TASK INPUTS:

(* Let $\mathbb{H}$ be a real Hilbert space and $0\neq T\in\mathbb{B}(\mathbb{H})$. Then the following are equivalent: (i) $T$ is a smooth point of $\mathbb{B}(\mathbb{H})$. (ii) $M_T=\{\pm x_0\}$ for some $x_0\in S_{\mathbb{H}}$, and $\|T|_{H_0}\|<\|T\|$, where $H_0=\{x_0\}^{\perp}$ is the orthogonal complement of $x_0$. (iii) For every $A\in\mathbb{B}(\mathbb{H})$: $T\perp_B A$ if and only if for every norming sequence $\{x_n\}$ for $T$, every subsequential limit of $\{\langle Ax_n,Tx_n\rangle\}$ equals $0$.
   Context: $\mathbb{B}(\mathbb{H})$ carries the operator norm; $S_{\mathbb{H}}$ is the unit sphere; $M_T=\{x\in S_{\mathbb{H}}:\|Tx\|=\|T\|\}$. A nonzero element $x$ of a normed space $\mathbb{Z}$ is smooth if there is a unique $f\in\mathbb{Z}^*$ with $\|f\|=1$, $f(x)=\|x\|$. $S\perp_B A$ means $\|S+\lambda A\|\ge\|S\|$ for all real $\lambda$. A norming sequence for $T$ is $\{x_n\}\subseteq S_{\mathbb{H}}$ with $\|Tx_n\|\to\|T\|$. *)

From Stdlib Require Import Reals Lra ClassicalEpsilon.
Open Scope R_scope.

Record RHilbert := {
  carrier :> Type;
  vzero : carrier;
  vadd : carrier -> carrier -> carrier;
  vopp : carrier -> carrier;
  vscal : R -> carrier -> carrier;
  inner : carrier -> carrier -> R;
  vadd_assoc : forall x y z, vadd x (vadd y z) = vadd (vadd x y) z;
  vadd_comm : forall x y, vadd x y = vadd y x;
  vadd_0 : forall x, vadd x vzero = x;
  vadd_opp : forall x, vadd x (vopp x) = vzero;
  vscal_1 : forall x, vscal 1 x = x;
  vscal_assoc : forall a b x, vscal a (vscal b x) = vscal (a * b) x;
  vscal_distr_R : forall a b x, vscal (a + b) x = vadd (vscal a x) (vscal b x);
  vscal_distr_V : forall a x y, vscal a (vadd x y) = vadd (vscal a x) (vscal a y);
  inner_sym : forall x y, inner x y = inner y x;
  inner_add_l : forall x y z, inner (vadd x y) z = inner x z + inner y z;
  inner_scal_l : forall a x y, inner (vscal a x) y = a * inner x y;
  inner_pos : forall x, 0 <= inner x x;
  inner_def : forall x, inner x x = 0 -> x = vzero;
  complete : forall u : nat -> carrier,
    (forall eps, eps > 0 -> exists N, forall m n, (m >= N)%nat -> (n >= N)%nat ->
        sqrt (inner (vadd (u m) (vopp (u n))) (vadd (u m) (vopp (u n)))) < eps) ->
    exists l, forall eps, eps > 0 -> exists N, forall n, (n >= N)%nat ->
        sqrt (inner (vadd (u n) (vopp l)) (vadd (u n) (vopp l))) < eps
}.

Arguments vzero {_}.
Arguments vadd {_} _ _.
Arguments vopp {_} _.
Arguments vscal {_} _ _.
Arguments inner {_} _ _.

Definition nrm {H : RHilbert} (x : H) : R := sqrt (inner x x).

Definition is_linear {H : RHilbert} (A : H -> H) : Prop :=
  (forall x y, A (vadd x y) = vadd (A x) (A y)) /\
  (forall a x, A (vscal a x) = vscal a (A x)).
* * *
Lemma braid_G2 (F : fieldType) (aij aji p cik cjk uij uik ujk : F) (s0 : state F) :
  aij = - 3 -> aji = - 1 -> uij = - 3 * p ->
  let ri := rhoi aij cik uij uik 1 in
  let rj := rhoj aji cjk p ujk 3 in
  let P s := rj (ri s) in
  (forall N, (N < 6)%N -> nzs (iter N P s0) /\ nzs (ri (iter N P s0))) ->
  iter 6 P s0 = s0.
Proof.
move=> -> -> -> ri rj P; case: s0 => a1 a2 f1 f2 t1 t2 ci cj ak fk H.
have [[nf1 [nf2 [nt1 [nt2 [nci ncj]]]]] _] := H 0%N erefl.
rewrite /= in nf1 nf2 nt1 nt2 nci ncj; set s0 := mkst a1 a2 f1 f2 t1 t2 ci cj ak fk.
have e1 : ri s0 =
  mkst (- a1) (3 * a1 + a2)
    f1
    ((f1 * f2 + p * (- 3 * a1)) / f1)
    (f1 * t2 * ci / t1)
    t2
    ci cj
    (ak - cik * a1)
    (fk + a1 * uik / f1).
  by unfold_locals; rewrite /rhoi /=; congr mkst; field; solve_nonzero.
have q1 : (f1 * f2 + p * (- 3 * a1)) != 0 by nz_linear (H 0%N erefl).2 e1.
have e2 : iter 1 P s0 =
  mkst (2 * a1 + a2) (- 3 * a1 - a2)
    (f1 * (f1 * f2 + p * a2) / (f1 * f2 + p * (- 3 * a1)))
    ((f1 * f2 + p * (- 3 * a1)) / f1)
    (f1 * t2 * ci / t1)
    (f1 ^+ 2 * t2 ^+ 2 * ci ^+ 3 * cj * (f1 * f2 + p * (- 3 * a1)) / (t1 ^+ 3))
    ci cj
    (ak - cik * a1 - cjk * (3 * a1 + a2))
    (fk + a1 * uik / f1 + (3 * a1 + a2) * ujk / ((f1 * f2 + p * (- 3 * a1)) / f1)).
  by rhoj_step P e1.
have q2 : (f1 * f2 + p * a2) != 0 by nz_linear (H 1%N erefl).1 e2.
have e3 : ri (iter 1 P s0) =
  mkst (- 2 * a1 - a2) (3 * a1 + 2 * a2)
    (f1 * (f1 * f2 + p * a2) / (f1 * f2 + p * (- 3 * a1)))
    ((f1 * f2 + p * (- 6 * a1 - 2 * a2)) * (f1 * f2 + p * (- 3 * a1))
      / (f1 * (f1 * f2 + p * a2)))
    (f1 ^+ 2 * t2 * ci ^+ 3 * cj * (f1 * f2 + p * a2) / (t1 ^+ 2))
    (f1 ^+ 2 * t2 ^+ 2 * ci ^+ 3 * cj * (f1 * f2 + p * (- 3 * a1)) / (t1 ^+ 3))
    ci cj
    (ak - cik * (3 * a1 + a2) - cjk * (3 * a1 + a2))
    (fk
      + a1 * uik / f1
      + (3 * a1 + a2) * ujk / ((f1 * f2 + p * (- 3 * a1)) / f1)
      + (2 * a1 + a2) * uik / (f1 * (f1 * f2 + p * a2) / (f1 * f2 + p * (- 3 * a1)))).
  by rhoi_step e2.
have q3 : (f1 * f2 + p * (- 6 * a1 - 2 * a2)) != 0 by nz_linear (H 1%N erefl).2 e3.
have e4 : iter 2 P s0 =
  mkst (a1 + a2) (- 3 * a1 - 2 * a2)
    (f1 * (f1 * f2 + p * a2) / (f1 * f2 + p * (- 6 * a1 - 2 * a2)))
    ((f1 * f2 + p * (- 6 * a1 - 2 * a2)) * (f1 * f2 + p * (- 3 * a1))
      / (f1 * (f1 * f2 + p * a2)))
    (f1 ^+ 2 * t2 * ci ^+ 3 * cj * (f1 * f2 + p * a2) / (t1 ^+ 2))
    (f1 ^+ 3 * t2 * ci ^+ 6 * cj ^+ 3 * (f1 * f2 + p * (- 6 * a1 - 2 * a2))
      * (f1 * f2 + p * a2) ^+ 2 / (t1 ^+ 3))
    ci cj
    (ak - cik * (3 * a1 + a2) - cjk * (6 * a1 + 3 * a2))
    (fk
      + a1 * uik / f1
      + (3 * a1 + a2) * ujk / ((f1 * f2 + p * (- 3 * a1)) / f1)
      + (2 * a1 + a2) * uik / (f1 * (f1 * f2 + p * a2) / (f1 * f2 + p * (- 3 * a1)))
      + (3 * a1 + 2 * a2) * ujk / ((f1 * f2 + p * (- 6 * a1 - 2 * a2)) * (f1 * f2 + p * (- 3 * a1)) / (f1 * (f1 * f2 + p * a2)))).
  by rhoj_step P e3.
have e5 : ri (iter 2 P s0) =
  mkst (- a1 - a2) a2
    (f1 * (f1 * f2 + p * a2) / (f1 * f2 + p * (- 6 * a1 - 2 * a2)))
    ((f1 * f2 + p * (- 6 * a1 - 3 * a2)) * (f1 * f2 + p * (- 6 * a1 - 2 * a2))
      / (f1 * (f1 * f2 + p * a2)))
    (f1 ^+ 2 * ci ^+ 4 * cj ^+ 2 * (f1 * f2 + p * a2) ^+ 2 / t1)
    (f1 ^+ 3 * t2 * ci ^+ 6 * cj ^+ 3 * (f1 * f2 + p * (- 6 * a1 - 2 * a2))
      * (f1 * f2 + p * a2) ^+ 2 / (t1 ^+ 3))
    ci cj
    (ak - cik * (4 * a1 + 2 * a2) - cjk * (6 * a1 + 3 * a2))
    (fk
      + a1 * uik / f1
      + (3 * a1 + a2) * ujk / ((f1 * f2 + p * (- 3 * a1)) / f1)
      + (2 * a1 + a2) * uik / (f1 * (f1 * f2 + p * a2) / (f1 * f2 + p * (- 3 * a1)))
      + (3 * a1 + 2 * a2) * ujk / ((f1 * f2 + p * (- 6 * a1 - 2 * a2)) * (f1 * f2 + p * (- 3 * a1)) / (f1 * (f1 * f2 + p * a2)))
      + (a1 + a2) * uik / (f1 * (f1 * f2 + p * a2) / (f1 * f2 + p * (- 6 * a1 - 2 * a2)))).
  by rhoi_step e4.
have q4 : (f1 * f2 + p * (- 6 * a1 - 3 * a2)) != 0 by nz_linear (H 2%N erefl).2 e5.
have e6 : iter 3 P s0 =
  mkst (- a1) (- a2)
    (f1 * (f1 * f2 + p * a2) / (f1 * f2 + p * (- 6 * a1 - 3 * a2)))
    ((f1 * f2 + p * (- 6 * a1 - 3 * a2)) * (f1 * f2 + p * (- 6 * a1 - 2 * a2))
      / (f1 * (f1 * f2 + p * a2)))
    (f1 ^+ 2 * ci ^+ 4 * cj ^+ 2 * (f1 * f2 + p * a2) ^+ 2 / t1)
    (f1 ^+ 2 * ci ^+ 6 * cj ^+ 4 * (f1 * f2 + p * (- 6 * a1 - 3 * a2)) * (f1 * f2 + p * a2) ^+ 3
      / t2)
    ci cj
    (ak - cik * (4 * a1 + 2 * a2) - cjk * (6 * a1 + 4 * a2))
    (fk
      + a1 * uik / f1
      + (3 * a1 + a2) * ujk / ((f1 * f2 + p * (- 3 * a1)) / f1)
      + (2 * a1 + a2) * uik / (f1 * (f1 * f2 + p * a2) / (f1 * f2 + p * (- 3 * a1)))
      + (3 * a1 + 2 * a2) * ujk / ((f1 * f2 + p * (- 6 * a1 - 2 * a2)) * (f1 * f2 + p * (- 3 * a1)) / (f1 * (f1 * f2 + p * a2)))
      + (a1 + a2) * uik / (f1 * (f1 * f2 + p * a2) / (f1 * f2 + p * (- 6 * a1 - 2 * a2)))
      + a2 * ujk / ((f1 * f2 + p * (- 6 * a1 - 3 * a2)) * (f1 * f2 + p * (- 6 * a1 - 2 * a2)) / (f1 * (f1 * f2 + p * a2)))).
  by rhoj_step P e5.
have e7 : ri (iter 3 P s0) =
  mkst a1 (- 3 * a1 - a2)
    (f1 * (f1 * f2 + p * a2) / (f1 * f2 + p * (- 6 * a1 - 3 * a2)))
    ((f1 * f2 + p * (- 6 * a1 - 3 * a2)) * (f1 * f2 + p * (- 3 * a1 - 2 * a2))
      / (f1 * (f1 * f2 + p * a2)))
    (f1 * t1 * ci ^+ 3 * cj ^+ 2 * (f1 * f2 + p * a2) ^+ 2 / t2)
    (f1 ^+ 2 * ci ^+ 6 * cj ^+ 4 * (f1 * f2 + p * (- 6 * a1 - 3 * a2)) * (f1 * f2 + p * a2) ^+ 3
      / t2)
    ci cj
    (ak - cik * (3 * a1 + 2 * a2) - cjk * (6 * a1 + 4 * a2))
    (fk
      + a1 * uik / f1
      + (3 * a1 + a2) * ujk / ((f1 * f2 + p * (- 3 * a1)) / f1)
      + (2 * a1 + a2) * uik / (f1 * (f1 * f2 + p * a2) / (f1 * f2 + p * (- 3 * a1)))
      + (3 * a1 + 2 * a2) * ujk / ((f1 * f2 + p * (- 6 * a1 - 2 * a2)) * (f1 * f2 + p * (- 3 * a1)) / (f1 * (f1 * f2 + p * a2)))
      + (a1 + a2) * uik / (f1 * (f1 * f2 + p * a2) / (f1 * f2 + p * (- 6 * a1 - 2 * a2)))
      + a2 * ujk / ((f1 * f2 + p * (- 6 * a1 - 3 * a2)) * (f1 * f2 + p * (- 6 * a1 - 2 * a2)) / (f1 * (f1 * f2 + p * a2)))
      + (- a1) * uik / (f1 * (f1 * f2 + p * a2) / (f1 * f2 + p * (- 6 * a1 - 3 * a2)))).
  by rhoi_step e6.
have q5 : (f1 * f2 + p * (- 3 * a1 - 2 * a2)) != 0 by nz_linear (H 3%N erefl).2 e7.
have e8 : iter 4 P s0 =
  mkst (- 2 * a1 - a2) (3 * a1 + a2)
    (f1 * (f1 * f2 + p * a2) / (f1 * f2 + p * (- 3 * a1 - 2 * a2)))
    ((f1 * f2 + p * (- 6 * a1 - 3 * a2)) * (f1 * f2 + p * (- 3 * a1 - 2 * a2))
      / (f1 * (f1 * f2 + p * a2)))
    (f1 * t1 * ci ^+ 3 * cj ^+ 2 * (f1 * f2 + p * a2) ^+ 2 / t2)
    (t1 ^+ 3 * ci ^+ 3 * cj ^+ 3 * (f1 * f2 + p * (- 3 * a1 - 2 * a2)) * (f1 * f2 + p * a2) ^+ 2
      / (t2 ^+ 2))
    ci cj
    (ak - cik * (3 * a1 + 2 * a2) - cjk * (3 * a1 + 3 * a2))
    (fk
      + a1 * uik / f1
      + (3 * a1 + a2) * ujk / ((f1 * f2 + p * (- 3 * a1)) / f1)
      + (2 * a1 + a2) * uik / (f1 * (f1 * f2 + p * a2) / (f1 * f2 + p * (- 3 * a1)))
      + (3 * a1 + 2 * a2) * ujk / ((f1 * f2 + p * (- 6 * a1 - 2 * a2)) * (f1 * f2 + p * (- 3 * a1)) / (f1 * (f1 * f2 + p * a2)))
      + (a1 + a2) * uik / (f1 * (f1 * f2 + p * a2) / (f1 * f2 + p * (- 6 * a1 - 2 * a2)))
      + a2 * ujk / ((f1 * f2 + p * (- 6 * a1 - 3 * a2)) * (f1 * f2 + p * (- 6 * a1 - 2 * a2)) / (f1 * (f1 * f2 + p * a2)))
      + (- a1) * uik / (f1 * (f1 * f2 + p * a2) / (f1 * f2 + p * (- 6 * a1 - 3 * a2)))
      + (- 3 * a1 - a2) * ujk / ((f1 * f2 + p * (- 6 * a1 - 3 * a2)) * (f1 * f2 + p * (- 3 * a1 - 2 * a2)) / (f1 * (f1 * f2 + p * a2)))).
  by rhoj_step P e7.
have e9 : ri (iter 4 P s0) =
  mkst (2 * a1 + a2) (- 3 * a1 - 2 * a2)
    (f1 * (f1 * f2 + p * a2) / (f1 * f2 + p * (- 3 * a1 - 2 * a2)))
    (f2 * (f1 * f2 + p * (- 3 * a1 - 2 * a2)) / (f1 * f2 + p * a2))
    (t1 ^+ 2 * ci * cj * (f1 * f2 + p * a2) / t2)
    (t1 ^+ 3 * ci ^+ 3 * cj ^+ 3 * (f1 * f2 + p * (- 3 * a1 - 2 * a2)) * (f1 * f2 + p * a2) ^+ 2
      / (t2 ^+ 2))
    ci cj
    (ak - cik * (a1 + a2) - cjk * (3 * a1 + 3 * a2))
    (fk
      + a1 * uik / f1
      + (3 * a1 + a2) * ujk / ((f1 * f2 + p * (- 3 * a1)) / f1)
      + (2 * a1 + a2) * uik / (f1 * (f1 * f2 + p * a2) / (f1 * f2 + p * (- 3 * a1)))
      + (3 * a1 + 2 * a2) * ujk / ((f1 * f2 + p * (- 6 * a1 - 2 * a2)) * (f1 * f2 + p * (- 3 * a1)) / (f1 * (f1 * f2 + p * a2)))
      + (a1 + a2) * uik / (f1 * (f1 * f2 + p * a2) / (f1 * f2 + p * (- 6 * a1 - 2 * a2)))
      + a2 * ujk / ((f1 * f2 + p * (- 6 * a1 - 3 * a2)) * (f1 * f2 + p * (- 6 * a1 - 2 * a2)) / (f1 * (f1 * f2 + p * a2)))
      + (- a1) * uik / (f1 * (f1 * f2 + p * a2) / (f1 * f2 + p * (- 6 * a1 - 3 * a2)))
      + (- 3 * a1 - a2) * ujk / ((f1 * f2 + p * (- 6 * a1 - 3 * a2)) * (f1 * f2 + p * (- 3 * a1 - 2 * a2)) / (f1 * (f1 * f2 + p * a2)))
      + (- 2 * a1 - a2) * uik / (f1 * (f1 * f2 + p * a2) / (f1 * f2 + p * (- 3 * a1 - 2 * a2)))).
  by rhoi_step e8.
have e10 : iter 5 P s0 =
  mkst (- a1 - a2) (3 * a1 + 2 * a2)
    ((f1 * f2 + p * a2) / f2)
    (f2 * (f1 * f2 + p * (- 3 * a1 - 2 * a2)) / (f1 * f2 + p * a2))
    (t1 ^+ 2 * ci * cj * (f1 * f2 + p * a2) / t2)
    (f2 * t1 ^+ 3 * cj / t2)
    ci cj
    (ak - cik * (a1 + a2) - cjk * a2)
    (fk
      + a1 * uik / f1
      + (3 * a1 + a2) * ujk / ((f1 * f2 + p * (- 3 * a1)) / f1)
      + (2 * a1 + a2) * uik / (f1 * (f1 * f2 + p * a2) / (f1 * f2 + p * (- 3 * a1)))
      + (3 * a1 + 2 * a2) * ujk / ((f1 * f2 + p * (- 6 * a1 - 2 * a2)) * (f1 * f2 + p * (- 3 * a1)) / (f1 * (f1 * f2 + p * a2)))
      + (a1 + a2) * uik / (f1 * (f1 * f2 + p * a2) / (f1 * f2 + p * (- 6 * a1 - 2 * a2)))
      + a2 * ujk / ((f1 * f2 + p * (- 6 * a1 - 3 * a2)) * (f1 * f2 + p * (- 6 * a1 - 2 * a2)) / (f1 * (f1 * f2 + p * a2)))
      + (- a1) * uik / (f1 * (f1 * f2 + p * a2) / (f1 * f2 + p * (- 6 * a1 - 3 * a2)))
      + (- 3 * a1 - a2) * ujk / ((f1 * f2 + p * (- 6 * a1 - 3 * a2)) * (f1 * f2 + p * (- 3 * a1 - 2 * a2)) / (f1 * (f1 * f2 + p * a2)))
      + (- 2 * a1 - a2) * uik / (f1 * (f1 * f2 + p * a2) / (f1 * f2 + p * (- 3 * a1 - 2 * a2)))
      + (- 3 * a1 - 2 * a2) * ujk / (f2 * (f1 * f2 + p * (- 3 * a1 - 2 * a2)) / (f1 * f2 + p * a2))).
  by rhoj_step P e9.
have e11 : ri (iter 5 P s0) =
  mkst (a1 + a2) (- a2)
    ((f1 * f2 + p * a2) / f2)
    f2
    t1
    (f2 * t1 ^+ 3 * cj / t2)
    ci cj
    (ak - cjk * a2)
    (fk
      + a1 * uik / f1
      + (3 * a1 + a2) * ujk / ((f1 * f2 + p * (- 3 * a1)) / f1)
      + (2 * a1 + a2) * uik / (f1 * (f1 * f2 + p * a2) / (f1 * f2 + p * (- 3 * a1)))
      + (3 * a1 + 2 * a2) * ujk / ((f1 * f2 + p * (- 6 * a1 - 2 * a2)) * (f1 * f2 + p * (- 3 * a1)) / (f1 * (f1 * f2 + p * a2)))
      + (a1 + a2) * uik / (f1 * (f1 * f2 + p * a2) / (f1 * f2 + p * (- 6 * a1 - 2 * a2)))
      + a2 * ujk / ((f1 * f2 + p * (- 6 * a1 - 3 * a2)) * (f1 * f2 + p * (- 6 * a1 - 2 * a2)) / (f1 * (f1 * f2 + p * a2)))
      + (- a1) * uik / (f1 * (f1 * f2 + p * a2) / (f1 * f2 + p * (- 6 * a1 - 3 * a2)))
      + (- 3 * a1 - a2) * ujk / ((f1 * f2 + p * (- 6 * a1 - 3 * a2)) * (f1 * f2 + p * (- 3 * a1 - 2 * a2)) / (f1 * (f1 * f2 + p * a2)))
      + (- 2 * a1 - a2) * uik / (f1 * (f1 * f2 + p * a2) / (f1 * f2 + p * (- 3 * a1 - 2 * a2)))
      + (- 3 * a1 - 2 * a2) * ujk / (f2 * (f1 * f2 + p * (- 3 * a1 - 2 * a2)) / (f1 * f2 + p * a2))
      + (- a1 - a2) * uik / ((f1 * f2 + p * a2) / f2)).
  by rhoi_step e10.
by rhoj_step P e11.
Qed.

AIM OF THE TASK:
Please count up the lines above that include the string "sqrt" and respond with the total alone.

PROBLEM SOLUTION:
3